So I"ve touched on this before, but now it'll have a nice dash of bitterness to it. Two relationships in which I"m good, and they leave. How the fuck am I supposed to feel about this? They both say "Lon go out, meet someone who deserves you, blah blah blah".
I laugh dryly but in reality, what should I do? Go out and meet someone else who thinks I'm great but leaves in the end? Something has to change, and I don't know what it is but it has to change, or this is going to keep happening otherwise, and I don't know about you guys ( my non-existent readers) but I certainly don't feel like going through all this crap again. I mean its fun while it lasts but the recovery...its like a 2 week hangover for a night out drinking, just not worth it.
I still keep in touch with my last ex, and I try to be "moved on guy" and in reality I am.
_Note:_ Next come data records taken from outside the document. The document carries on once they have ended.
(* Let $x\in(0,1)$ be irrational with OOCF expansion $((a_n,\varepsilon_n))_{n\ge1}$ and let $f(t)=\frac{1-t}{1+t}$. Define $\phi(k+1,-1)=(2k,-1)$ and $\phi(k,1)=(2k,1)$ for $k\ge1$. Then the EICF digits of $f(x)$ are $(b_n,\eta_n)=\phi(a_n,\varepsilon_n)$ for all $n\ge1$, and for all $n\ge1$ the $n$-th EICF convergent of $f(x)$ satisfies $p^E_n/q^E_n=f(p_n/q_n)$, where $p_n/q_n$ is the $n$-th OOCF principal convergent of $x$.
   Context: OOCF: digits $D=\{(1,1)\}\cup\{(a,\varepsilon):a\ge2,\ \varepsilon=\pm1\}$; $B(k+1,-1)=[\frac{k-1}{k},\frac{2k-1}{2k+1}]$, $B(k,1)=[\frac{2k-1}{2k+1},\frac{k}{k+1}]$ ($k\ge1$); $T(x)=\frac{kx-(k-1)}{k-(k+1)x}$ on $B(k+1,-1)$, $T(x)=\frac{k-(k+1)x}{kx-(k-1)}$ on $B(k,1)$, $T(1)=1$. The OOCF expansion of irrational $x\in(0,1)$ is the unique sequence $(a_n,\varepsilon_n)\in D$ with $T^{n-1}(x)\in B(a_n,\varepsilon_n)$ for all $n\ge1$; its $n$-th principal convergent is $p_n/q_n=1-\cfrac{1}{a_1+\cfrac{\varepsilon_1}{2-\cfrac{1}{\ddots\ \cfrac{\varepsilon_{n-1}}{2-\cfrac{1}{a_n+\varepsilon_n/2}}}}}$. EICF: $T_E:[0,1]\to[0,1]$, $T_E(y)=\frac1y-2k$ for $y\in[\frac1{2k+1},\frac1{2k}]$, $T_E(y)=2k-\frac1y$ for $y\in[\frac1{2k},\frac1{2k-1}]$ ($k\ge1$), $T_E(0)=0$. For irrational $y\in(0,1)$, its EICF digits are $(b_n,\eta_n)=(2k,1)$ if $T_E^{n-1}(y)\in[\frac1{2k+1},\frac1{2k}]$ and $(2k,-1)$ if $T_E^{n-1}(y)\in[\frac1{2k},\frac1{2k-1}]$; its $n$-th EICF convergent is $p^E_n/q^E_n=\cfrac{1}{b_1+\cfrac{\eta_1}{b_2+\cfrac{\eta_2}{\ddots+\cfrac{\eta_{n-1}}{b_n}}}}$. *)

From Stdlib Require Import Reals Lra Lia ZArith.
Open Scope R_scope.
Definition strip2 (PQ : pair_set) := (strip PQ.1, strip PQ.2).
Definition top_row_pairs := [set PQ : pair_set | m \in prx PQ.1].
Definition top_col_pairs := [set PQ : pair_set | m \in pry PQ.1].

Lemma mem_top_row_pairs PQ : (PQ \in top_row_pairs) = (m \in prx PQ.1).
Proof. by rewrite inE. Qed.

Lemma mem_top_col_pairs PQ : (PQ \in top_col_pairs) = (m \in pry PQ.1).
Proof. by rewrite inE. Qed.

Lemma hooked_pairs_prx_top k i Q1 Q2 :
  (Q1, Q2) \in hooked_pairs m.+1 k i -> (m \in prx Q2) = (m \in prx Q1).
Proof.
rewrite inE /= => /and5P[/quasi_perm_boxed b1 /quasi_perm_boxed b2 /eqP em _ _].
by rewrite -(prx_Qminus_top b1) -(prx_Qminus_top b2) em.
Qed.

Lemma strip_hooked_pairs_row k i Q1 Q2 :
  (Q1, Q2) \in hooked_pairs m.+1 k i.+1 -> m \in prx Q1 ->
  exists y, [/\ y \in below m :\: pry (strip Q1), Q1 = (m, y) |: strip Q1,
    Q2 = (m, y) |: strip Q2 & strip2 (Q1, Q2) \in hooked_pairs m k i].
Proof.
move=> HQ; have := HQ; rewrite inE /= => /and5P[q1 q2 /eqP em _ _].
rewrite mem_prx => /existsP[y yQ1].
have yQ2 : (m, y) \in Q2.
  have : (m, y) \in Qminus Q1.
    by rewrite inE yQ1 /=; case/andP: (boxedP (quasi_perm_boxed q1) yQ1).
  by rewrite em => /(subsetP (Qminus_subset Q2)).
have [Y1 E1 S1] := remove_row q1 yQ1; have [Y2 E2 S2] := remove_row q2 yQ2.
exists y; split => //.
by rewrite -(mem_hooked_pairs_add_row _ S1 S2 Y1 Y2) -E1 -E2.
Qed.
Lemma spd_gram k p (C : 'M[R]_(k, p)) : \rank C = p -> spd (C^T *m C).
Proof.
move=> rkC; rewrite -[C^T]mulmx1; apply: spd_congr; first exact: spd1.
have freeCT : row_free C^T by rewrite /row_free mxrank_tr rkC.
move=> v Cv0; apply: trmx_inj; rewrite trmx0; apply/eqP.
by rewrite -(mulmx_free_eq0 _ freeCT) -trmx_mul Cv0 trmx0.
Qed.

Lemma spd_invmx k (M : 'M[R]_k) : spd M -> spd (invmx M).
Proof.
move=> pM; have uM := spd_unitmx pM.
have -> : invmx M = (invmx M)^T *m M *m invmx M.
  by rewrite trmx_inv (spd_sym pM) mulmxK.
by apply: spd_unit_congr; rewrite ?unitmx_inv.
Qed.

Lemma spd_add_sandwich k (K Z : 'M[R]_k) : spd K -> spd Z -> spd (K + K *m invmx Z *m K).
Proof.
move=> pK pZ; apply: spdD_psd => //.
by rewrite -{1}(spd_sym pK); apply/psd_congr/spd_psd/spd_invmx.
Qed.

Lemma mul_invmx_scale_add k (mu : R) (D T : 'M[R]_k) : 0 < mu -> spd D -> spd T ->
  T *m (invmx (mu *: D + T) *m D) = T *m invmx (mu *: T + T *m invmx D *m T) *m T.
Proof.
move=> mu0 pD pT; have uD := spd_unitmx pD; have uT := spd_unitmx pT.
have uW : mu *: D + T \in unitmx.
  by apply/spd_unitmx/spdD_psd; [exact: spdZ | exact: spd_psd].
have -> : mu *: T + T *m invmx D *m T = T *m invmx D *m (mu *: D + T).
  by rewrite mulmxDr -scalemxAr mulmxKV.
rewrite invmxM ?unitmx_mul ?unitmx_inv ?uT ?uD // invmxM ?unitmx_inv // invmxK.
by rewrite !mulmxA mulmxKV.
Qed.

Lemma spd_sub_mul_invmx_scale_add k (mu : R) (D T : 'M[R]_k) : 0 < mu -> spd D -> psd T ->
  spd (D - T *m (invmx (mu *: D + T) *m D)).
Proof.
move=> mu0 pD pT; have pW : spd (mu *: D + T) by apply: spdD_psd => //; exact: spdZ.
have uW := spd_unitmx pW.
have -> : D - T *m (invmx (mu *: D + T) *m D) = mu *: (D *m invmx (mu *: D + T) *m D).
  move: uW; set W := mu *: D + T => uW.
  have -> : T = W - mu *: D by rewrite /W addrC addKr.
  rewrite mulmxBl [W *m _]mulmxA mulmxV // mul1mx -scalemxAl mulmxA.
  by rewrite opprB addrC subrK.
apply: spdZ => //; rewrite -{1}(spd_sym pD).
by apply: spd_unit_congr; [exact: spd_invmx | exact: spd_unitmx].
Qed.

End Definite.

Section LambdaMin.
Variable R : realType.
Variable k : nat.
Implicit Types (M N : 'M[R]_k) (x : 'cV[R]_k).

Lemma qf_sub_scalar M (a : R) x :
  (x^T *m (M - a%:M) *m x) 0 0 = (x^T *m M *m x) 0 0 - a * (x^T *m x) 0 0.
Proof. by rewrite mulmxBr mulmxBl mul_mx_scalar -scalemxAl !mxE. Qed.

Lemma qf_le_sum_norm N x :
  (x^T *m N *m x) 0 0 <= (\sum_i \sum_j `|N j i|) * (x^T *m x) 0 0.
Proof.
set s := (x^T *m x) 0 0.
have sq_le i : (x i 0) ^+ 2 <= s.
  rewrite /s mxE (bigD1 i) //= mxE -expr2 lerDl.
  by apply: sumr_ge0 => j _; rewrite mxE -expr2 sqr_ge0.
have prod_le i j : `|x i 0| * `|x j 0| <= s.
  have := sq_le i; have := sq_le j; have := sqr_ge0 (`|x i 0| - `|x j 0|).
  rewrite -!(real_normK (num_real (x _ 0))).
  have := normr_ge0 (x i 0); have := normr_ge0 (x j 0); nra.
rewrite mxE big_distrl /=; apply: ler_sum => i _.
rewrite mxE !big_distrl /=; apply: ler_sum => j _; rewrite !mxE.
apply: (le_trans (ler_norm _)); rewrite !normrM.
have := prod_le i j; have := normr_ge0 (N j i).
have := normr_ge0 (x i 0); have := normr_ge0 (x j 0); nra.
Qed.

Lemma qf_sub_scale_inv M N x (t : R) :
  N^T = N -> M *m N = 1%:M -> N *m M = 1%:M ->
  (x - t *: (N *m x))^T *m M *m (x - t *: (N *m x)) =
  x^T *m M *m x - (2 * t) *: (x^T *m x) + (t ^+ 2) *: (x^T *m N *m x).
Proof.
move=> sN MN NM.
have -> : (x - t *: (N *m x))^T = x^T - t *: (x^T *m N).
  by rewrite linearB /= linearZ /= trmx_mul sN.
rewrite !mulmxBl !mulmxBr -?scalemxAl -?scalemxAr -?scalemxAl.
rewrite -[x^T *m M *m (N *m x)]mulmxA [M *m _]mulmxA MN mul1mx.
rewrite -[x^T *m N *m M]mulmxA NM mulmx1 mulmxA.
by apply/matrixP => i j; rewrite !mxE; ring.
Qed.

(* With [N = M^-1] and [t = 1 / (1 + sum |N_ij|)], expanding the nonnegative
   form at [x - t N x] yields [t |x|^2 <= x^T M x]. *)
Lemma psd_unitmx_coercive M : psd M -> M \in unitmx ->
  exists2 c : R, 0 < c & forall x, c * (x^T *m x) 0 0 <= (x^T *m M *m x) 0 0.
Proof.
move=> [sM psdM] uM; set N := invmx M.
have sN : N^T = N by rewrite /N trmx_inv sM.
set K := \sum_i \sum_j `|N j i|.
have K0 : 0 <= K by do 2![apply: sumr_ge0 => ? _].
set t := (K + 1)^-1; have t0 : 0 < t by rewrite invr_gt0; lra.
have tK : t * K = 1 - t.
  have K1 : K + 1 != 0 by apply/eqP; lra.
  by rewrite /t; field.
exists t => // x; have := psdM (x - t *: (N *m x)).
rewrite qf_sub_scale_inv ?mulmxV ?mulVmx //.
have := qf_le_sum_norm N x; have := cV_sqnorm_ge0 x; rewrite -/K.
move: (x^T *m M *m x) (x^T *m x) (x^T *m N *m x) => a b c; rewrite !mxE.
move: (a 0 0) (b 0 0) (c 0 0) => {}a {}b {}c b0 cKb form_ge0.
have : t ^+ 2 * c <= t * (1 - t) * b.
  by rewrite -tK expr2 -!mulrA; do 2!(apply: ler_wpM2l; first exact: ltW).
nra.
Qed.
Lemma lcombBr d (c : 'I_d -> R) (u v : 'I_d -> V) :
  lcomb c u - lcomb c v = lcomb c (fun i => u i - v i).
Proof. by rewrite /lcomb -sumrB; apply: eq_bigr => i _; rewrite scalerBr. Qed.

(* Steinitz: if [d < m], a nonzero row [c] in the kernel of the coefficient matrix of the
   [w j] on the [v i] gives a combination of the [w j] lying in [T]. *)
Lemma free_mod_leq_span S T m d (w : 'I_m -> V) (v : 'I_d -> V) :
  subspace T -> (forall j, S (w j)) -> free_mod T w -> span_mod S T v -> (m <= d)%N.
Proof.
move=> sT Sw freew spanv.
have [f Twf] := fin_all_exists (fun j => spanv _ (Sw j)).
pose A : 'M[R]_(m, d) := \matrix_(j, i) f j i.
rewrite leqNgt; apply/negP => ltdm.
have : (0 < \rank (kermx A))%N.
  by rewrite mxrank_ker subn_gt0 (leq_ltn_trans (rank_leq_col A)).
suff -> : kermx A = 0 by rewrite mxrank0.
apply/row_matrixP => k; rewrite row0; set c := row k (kermx A).
have cA : c *m A = 0 by rewrite -row_mul mulmx_ker row0.
have fv0 : \sum_(j < m) c 0 j *: lcomb (f j) v = 0.
  transitivity (\sum_(i < d) (c *m A) 0 i *: v i).
    symmetry; under eq_bigr do rewrite mxE scaler_suml.
    rewrite exchange_big; apply: eq_bigr => j _.
    rewrite /lcomb scaler_sumr; apply: eq_bigr => i _.
    by rewrite !mxE scalerA.
  by rewrite cA; apply: big1 => i _; rewrite mxE scale0r.
have Tcw : T (lcomb (c 0) w).
  have -> : lcomb (c 0) w = \sum_(j < m) c 0 j *: (w j - lcomb (f j) v)
                            + \sum_(j < m) c 0 j *: lcomb (f j) v.
    by rewrite -big_split /=; apply: eq_bigr => j _; rewrite -scalerDr subrK.
  by rewrite fv0 addr0; apply: subspace_lcomb.
by apply/rowP => j; rewrite [RHS]mxE; exact: freew Tcw j.
Qed.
But I like to bitch about women, relationships, dating, and my chances therein. She'll be super supportive, and of course the entire time all I can think is, "Yea you say I"m great, but your still not with me, so either you're lying, or think I'm stupid enough to believe this...or I don't know what".
And the fight between my love of sex, and my love of not getting emotionally skewered wages onwards...unfortunately my bitterness just doesn't have the stamina that my sex drive does...which is unfortunate...but its how it goes.
That has become my favored saying of late, its like a sigh in words. Take a deep breath, shrug and imperceptible shrug, and say "That's how it goes". This is how I get through my days.